### Activity
Output all of the records exactly, word for word.

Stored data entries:
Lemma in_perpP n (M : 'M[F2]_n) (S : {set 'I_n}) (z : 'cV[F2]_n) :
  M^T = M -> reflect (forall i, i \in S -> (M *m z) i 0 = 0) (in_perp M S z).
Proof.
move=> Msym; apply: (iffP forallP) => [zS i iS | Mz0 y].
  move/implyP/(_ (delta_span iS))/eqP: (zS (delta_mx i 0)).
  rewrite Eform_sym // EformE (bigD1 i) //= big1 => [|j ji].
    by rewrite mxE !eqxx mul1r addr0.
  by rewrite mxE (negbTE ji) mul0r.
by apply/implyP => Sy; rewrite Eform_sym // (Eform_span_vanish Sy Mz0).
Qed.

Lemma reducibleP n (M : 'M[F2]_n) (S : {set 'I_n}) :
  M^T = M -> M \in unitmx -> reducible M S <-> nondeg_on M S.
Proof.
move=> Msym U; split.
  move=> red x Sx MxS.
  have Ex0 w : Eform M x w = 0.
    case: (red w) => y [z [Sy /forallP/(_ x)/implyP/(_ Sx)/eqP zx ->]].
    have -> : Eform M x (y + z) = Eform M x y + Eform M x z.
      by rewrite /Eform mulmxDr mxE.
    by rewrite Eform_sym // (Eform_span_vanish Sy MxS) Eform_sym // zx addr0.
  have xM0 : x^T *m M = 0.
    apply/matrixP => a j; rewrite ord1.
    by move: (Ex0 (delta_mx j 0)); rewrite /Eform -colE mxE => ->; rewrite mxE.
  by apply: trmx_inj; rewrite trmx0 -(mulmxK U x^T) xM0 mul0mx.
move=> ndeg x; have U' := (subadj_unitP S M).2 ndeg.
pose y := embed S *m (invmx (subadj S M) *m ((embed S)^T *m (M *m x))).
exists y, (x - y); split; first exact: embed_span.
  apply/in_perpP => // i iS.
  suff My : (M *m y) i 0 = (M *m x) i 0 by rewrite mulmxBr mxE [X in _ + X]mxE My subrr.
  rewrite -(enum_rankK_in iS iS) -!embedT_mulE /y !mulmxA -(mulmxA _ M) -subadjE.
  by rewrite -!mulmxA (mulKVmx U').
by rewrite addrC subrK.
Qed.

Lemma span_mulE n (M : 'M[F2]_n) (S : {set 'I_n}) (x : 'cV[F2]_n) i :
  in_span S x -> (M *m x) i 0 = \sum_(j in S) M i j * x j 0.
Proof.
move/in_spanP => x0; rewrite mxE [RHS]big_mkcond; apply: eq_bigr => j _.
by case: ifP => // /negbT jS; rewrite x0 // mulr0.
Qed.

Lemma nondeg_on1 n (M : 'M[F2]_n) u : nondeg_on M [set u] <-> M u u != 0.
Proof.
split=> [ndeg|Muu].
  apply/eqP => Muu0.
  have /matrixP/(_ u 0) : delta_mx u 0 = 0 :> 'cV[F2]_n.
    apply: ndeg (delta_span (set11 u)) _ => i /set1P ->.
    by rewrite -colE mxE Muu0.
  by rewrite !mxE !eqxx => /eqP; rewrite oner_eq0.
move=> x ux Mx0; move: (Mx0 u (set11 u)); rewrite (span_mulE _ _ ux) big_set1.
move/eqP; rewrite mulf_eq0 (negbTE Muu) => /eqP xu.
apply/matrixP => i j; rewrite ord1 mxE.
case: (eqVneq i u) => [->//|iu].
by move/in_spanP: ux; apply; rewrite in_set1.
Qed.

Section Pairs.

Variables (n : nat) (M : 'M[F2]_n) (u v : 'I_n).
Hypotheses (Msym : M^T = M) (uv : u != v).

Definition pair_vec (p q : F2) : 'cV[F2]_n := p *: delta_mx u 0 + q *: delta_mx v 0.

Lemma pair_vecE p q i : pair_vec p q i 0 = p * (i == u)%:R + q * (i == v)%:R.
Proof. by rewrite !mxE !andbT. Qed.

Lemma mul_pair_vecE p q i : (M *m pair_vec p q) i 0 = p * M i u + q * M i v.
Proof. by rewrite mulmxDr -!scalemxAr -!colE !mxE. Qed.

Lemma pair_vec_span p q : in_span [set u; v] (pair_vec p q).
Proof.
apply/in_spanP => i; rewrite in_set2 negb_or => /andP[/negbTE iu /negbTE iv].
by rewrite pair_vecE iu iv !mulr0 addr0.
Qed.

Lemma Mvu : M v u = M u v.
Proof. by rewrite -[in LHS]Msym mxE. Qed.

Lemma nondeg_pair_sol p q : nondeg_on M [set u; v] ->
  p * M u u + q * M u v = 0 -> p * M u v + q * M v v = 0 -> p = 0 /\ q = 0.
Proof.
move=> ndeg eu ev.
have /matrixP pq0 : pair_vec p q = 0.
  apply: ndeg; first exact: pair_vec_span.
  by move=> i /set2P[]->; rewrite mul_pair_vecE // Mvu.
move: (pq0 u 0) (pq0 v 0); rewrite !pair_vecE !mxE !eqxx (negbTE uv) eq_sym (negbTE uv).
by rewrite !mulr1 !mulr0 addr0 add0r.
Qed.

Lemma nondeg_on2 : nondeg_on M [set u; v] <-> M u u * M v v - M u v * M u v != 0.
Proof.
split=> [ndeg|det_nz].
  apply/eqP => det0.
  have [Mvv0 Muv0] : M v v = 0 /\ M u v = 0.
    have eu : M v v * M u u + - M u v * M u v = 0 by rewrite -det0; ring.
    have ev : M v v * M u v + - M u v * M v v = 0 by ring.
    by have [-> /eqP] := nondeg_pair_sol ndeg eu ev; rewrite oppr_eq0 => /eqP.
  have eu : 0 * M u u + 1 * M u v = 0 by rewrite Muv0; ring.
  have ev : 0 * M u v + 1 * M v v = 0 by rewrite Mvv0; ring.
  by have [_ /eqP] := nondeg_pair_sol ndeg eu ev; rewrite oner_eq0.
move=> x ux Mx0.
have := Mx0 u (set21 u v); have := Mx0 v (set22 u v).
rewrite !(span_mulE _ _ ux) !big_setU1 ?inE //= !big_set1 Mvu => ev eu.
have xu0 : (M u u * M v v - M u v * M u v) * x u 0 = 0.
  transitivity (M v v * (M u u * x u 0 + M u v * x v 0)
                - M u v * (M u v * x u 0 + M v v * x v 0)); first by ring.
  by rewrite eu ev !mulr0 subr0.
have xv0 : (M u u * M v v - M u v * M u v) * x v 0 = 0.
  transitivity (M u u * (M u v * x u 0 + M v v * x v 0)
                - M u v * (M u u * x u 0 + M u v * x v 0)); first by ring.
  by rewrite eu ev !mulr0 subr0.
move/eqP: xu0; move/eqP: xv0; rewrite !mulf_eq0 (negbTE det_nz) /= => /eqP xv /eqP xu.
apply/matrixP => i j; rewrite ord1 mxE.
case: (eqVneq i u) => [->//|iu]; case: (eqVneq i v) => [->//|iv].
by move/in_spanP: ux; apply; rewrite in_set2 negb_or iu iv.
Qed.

### Solution to this problem
Lemma in_perpP n (M : 'M[F2]_n) (S : {set 'I_n}) (z : 'cV[F2]_n) :
  M^T = M -> reflect (forall i, i \in S -> (M *m z) i 0 = 0) (in_perp M S z).
Proof.
move=> Msym; apply: (iffP forallP) => [zS i iS | Mz0 y].
  move/implyP/(_ (delta_span iS))/eqP: (zS (delta_mx i 0)).
  rewrite Eform_sym // EformE (bigD1 i) //= big1 => [|j ji].
    by rewrite mxE !eqxx mul1r addr0.
  by rewrite mxE (negbTE ji) mul0r.
by apply/implyP => Sy; rewrite Eform_sym // (Eform_span_vanish Sy Mz0).
Qed.

Lemma reducibleP n (M : 'M[F2]_n) (S : {set 'I_n}) :
  M^T = M -> M \in unitmx -> reducible M S <-> nondeg_on M S.
Proof.
move=> Msym U; split.
  move=> red x Sx MxS.
  have Ex0 w : Eform M x w = 0.
    case: (red w) => y [z [Sy /forallP/(_ x)/implyP/(_ Sx)/eqP zx ->]].
    have -> : Eform M x (y + z) = Eform M x y + Eform M x z.
      by rewrite /Eform mulmxDr mxE.
    by rewrite Eform_sym // (Eform_span_vanish Sy MxS) Eform_sym // zx addr0.
  have xM0 : x^T *m M = 0.
    apply/matrixP => a j; rewrite ord1.
    by move: (Ex0 (delta_mx j 0)); rewrite /Eform -colE mxE => ->; rewrite mxE.
  by apply: trmx_inj; rewrite trmx0 -(mulmxK U x^T) xM0 mul0mx.
move=> ndeg x; have U' := (subadj_unitP S M).2 ndeg.
pose y := embed S *m (invmx (subadj S M) *m ((embed S)^T *m (M *m x))).
exists y, (x - y); split; first exact: embed_span.
  apply/in_perpP => // i iS.
  suff My : (M *m y) i 0 = (M *m x) i 0 by rewrite mulmxBr mxE [X in _ + X]mxE My subrr.
  rewrite -(enum_rankK_in iS iS) -!embedT_mulE /y !mulmxA -(mulmxA _ M) -subadjE.
  by rewrite -!mulmxA (mulKVmx U').
by rewrite addrC subrK.
Qed.

Lemma span_mulE n (M : 'M[F2]_n) (S : {set 'I_n}) (x : 'cV[F2]_n) i :
  in_span S x -> (M *m x) i 0 = \sum_(j in S) M i j * x j 0.
Proof.
move/in_spanP => x0; rewrite mxE [RHS]big_mkcond; apply: eq_bigr => j _.
by case: ifP => // /negbT jS; rewrite x0 // mulr0.
Qed.

Lemma nondeg_on1 n (M : 'M[F2]_n) u : nondeg_on M [set u] <-> M u u != 0.
Proof.
split=> [ndeg|Muu].
  apply/eqP => Muu0.
  have /matrixP/(_ u 0) : delta_mx u 0 = 0 :> 'cV[F2]_n.
    apply: ndeg (delta_span (set11 u)) _ => i /set1P ->.
    by rewrite -colE mxE Muu0.
  by rewrite !mxE !eqxx => /eqP; rewrite oner_eq0.
move=> x ux Mx0; move: (Mx0 u (set11 u)); rewrite (span_mulE _ _ ux) big_set1.
move/eqP; rewrite mulf_eq0 (negbTE Muu) => /eqP xu.
apply/matrixP => i j; rewrite ord1 mxE.
case: (eqVneq i u) => [->//|iu].
by move/in_spanP: ux; apply; rewrite in_set1.
Qed.

Section Pairs.

Variables (n : nat) (M : 'M[F2]_n) (u v : 'I_n).
Hypotheses (Msym : M^T = M) (uv : u != v).

Definition pair_vec (p q : F2) : 'cV[F2]_n := p *: delta_mx u 0 + q *: delta_mx v 0.

Lemma pair_vecE p q i : pair_vec p q i 0 = p * (i == u)%:R + q * (i == v)%:R.
Proof. by rewrite !mxE !andbT. Qed.

Lemma mul_pair_vecE p q i : (M *m pair_vec p q) i 0 = p * M i u + q * M i v.
Proof. by rewrite mulmxDr -!scalemxAr -!colE !mxE. Qed.

Lemma pair_vec_span p q : in_span [set u; v] (pair_vec p q).
Proof.
apply/in_spanP => i; rewrite in_set2 negb_or => /andP[/negbTE iu /negbTE iv].
by rewrite pair_vecE iu iv !mulr0 addr0.
Qed.

Lemma Mvu : M v u = M u v.
Proof. by rewrite -[in LHS]Msym mxE. Qed.

Lemma nondeg_pair_sol p q : nondeg_on M [set u; v] ->
  p * M u u + q * M u v = 0 -> p * M u v + q * M v v = 0 -> p = 0 /\ q = 0.
Proof.
move=> ndeg eu ev.
have /matrixP pq0 : pair_vec p q = 0.
  apply: ndeg; first exact: pair_vec_span.
  by move=> i /set2P[]->; rewrite mul_pair_vecE // Mvu.
move: (pq0 u 0) (pq0 v 0); rewrite !pair_vecE !mxE !eqxx (negbTE uv) eq_sym (negbTE uv).
by rewrite !mulr1 !mulr0 addr0 add0r.
Qed.

Lemma nondeg_on2 : nondeg_on M [set u; v] <-> M u u * M v v - M u v * M u v != 0.
Proof.
split=> [ndeg|det_nz].
  apply/eqP => det0.
  have [Mvv0 Muv0] : M v v = 0 /\ M u v = 0.
    have eu : M v v * M u u + - M u v * M u v = 0 by rewrite -det0; ring.
    have ev : M v v * M u v + - M u v * M v v = 0 by ring.
    by have [-> /eqP] := nondeg_pair_sol ndeg eu ev; rewrite oppr_eq0 => /eqP.
  have eu : 0 * M u u + 1 * M u v = 0 by rewrite Muv0; ring.
  have ev : 0 * M u v + 1 * M v v = 0 by rewrite Mvv0; ring.
  by have [_ /eqP] := nondeg_pair_sol ndeg eu ev; rewrite oner_eq0.
move=> x ux Mx0.
have := Mx0 u (set21 u v); have := Mx0 v (set22 u v).
rewrite !(span_mulE _ _ ux) !big_setU1 ?inE //= !big_set1 Mvu => ev eu.
have xu0 : (M u u * M v v - M u v * M u v) * x u 0 = 0.
  transitivity (M v v * (M u u * x u 0 + M u v * x v 0)
                - M u v * (M u v * x u 0 + M v v * x v 0)); first by ring.
  by rewrite eu ev !mulr0 subr0.
have xv0 : (M u u * M v v - M u v * M u v) * x v 0 = 0.
  transitivity (M u u * (M u v * x u 0 + M v v * x v 0)
                - M u v * (M u u * x u 0 + M u v * x v 0)); first by ring.
  by rewrite eu ev !mulr0 subr0.
move/eqP: xu0; move/eqP: xv0; rewrite !mulf_eq0 (negbTE det_nz) /= => /eqP xv /eqP xu.
apply/matrixP => i j; rewrite ord1 mxE.
case: (eqVneq i u) => [->//|iu]; case: (eqVneq i v) => [->//|iv].
by move/in_spanP: ux; apply; rewrite in_set2 negb_or iu iv.
Qed.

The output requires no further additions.